**What this task involves**
Copy every line below that has the word "orbF" in it.

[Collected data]
····················
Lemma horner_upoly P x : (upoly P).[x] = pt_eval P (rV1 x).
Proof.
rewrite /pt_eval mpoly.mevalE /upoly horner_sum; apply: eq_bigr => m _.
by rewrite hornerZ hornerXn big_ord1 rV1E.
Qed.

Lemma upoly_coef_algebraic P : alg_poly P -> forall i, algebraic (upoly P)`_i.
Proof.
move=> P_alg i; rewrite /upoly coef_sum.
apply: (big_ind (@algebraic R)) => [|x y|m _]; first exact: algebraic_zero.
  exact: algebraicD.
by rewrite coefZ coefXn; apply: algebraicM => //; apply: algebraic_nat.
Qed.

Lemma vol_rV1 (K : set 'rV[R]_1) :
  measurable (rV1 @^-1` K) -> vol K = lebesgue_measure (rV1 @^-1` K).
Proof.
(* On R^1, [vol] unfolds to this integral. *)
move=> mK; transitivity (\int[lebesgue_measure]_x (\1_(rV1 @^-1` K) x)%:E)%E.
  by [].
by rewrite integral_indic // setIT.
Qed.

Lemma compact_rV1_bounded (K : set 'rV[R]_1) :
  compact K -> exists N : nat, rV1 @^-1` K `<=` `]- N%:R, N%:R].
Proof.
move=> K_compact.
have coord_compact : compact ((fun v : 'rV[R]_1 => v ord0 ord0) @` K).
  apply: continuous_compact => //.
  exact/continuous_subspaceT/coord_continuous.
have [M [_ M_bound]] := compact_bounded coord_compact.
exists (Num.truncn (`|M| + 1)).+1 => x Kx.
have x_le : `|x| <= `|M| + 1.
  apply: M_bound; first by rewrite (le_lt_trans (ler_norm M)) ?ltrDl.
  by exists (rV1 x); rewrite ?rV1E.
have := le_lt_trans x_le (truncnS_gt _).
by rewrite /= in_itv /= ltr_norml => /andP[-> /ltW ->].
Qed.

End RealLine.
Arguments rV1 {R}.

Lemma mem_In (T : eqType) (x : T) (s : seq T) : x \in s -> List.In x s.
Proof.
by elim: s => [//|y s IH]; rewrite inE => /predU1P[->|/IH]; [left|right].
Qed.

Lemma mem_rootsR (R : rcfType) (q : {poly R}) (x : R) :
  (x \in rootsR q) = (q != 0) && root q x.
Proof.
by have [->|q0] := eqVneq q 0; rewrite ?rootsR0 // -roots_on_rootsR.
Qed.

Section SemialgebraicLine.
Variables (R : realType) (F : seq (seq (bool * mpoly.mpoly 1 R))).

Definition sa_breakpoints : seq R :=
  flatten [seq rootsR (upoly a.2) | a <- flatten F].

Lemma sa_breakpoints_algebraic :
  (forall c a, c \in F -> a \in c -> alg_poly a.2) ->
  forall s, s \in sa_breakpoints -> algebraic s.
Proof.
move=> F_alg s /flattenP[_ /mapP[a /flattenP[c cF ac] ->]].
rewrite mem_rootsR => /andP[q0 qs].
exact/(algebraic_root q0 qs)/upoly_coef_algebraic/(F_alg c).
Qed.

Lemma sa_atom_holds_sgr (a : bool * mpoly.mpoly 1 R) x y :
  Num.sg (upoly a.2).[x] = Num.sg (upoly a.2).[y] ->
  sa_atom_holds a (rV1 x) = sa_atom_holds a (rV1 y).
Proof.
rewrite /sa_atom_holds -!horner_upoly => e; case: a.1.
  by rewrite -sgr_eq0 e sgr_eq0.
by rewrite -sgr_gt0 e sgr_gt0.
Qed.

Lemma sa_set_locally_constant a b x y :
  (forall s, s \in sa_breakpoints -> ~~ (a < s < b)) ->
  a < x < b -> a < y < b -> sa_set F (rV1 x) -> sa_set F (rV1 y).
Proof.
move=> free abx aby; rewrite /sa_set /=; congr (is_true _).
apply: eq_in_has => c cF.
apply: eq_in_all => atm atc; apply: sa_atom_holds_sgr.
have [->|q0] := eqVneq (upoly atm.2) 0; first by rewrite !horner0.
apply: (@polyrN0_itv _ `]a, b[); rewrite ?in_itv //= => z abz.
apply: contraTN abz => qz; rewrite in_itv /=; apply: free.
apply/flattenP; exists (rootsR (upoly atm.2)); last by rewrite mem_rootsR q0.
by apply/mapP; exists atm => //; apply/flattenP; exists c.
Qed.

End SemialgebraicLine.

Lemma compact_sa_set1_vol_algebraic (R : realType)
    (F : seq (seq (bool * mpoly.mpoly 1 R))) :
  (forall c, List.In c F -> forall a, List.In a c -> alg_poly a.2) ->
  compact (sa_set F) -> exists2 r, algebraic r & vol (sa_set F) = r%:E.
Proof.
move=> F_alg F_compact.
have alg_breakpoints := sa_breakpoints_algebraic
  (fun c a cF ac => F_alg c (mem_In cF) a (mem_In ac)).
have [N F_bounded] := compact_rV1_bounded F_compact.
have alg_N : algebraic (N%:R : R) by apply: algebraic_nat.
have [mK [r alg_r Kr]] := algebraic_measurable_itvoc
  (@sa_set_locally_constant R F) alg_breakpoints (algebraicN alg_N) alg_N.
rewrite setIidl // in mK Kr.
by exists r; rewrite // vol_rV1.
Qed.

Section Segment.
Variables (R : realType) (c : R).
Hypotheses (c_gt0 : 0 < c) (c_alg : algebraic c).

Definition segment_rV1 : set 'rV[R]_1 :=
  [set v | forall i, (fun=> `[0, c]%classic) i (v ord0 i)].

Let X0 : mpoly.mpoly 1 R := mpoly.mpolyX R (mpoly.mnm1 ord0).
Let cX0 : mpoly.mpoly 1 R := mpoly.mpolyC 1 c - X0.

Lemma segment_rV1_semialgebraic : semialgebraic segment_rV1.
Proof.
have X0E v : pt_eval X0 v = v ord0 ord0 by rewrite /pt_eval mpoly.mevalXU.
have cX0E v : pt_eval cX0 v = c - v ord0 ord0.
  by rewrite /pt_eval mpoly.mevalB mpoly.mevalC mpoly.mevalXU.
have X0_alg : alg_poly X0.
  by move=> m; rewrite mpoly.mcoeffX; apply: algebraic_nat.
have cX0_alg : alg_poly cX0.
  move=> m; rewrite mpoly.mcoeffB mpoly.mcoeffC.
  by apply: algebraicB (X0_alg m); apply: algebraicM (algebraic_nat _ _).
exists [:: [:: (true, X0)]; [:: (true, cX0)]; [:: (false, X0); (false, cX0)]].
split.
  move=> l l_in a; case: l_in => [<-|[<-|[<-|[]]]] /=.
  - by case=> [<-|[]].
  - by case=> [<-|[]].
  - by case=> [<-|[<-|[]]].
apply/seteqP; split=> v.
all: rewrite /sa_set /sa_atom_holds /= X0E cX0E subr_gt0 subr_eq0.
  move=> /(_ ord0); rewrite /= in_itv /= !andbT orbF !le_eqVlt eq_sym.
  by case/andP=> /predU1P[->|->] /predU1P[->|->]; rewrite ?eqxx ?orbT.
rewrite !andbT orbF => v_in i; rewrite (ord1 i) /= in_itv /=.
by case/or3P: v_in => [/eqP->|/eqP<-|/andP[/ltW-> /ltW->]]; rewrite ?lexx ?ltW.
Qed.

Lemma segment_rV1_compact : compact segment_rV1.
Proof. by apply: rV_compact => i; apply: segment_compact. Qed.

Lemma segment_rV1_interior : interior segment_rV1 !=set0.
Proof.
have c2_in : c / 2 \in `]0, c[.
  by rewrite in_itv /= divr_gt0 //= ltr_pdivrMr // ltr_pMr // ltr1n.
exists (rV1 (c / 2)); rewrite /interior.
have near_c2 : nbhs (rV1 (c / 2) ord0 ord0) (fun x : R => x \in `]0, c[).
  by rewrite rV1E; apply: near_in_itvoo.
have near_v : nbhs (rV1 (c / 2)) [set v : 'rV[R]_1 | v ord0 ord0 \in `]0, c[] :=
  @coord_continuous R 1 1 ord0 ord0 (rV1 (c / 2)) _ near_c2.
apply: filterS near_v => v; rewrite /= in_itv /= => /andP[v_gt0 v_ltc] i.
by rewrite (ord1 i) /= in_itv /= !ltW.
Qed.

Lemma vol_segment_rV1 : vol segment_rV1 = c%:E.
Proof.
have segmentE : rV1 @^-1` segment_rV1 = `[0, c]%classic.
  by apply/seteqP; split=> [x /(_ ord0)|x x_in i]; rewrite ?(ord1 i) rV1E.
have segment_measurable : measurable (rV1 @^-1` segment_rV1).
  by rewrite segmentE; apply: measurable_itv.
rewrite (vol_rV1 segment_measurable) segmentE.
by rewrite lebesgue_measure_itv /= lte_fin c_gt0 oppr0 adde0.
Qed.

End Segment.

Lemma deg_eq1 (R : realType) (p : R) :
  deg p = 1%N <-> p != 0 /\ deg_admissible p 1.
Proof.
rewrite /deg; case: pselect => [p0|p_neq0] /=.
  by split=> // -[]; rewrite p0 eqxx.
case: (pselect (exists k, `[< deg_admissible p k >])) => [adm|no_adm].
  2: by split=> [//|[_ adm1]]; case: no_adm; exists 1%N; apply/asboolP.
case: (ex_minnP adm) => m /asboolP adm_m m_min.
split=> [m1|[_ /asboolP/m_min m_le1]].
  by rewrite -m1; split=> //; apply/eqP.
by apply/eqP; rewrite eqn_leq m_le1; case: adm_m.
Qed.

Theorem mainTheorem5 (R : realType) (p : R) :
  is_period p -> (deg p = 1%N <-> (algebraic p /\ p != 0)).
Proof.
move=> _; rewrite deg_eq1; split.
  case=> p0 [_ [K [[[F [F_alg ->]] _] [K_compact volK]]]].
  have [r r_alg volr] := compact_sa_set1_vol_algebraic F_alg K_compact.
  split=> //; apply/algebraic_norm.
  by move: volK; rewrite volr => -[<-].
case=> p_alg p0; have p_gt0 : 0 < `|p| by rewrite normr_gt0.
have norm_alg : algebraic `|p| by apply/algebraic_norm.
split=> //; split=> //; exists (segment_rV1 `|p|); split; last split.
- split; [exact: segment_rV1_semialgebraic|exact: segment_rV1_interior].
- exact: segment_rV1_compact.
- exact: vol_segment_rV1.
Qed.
····················
**Answer section**
  move=> /(_ ord0); rewrite /= in_itv /= !andbT orbF !le_eqVlt eq_sym.
rewrite !andbT orbF => v_in i; rewrite (ord1 i) /= in_itv /=.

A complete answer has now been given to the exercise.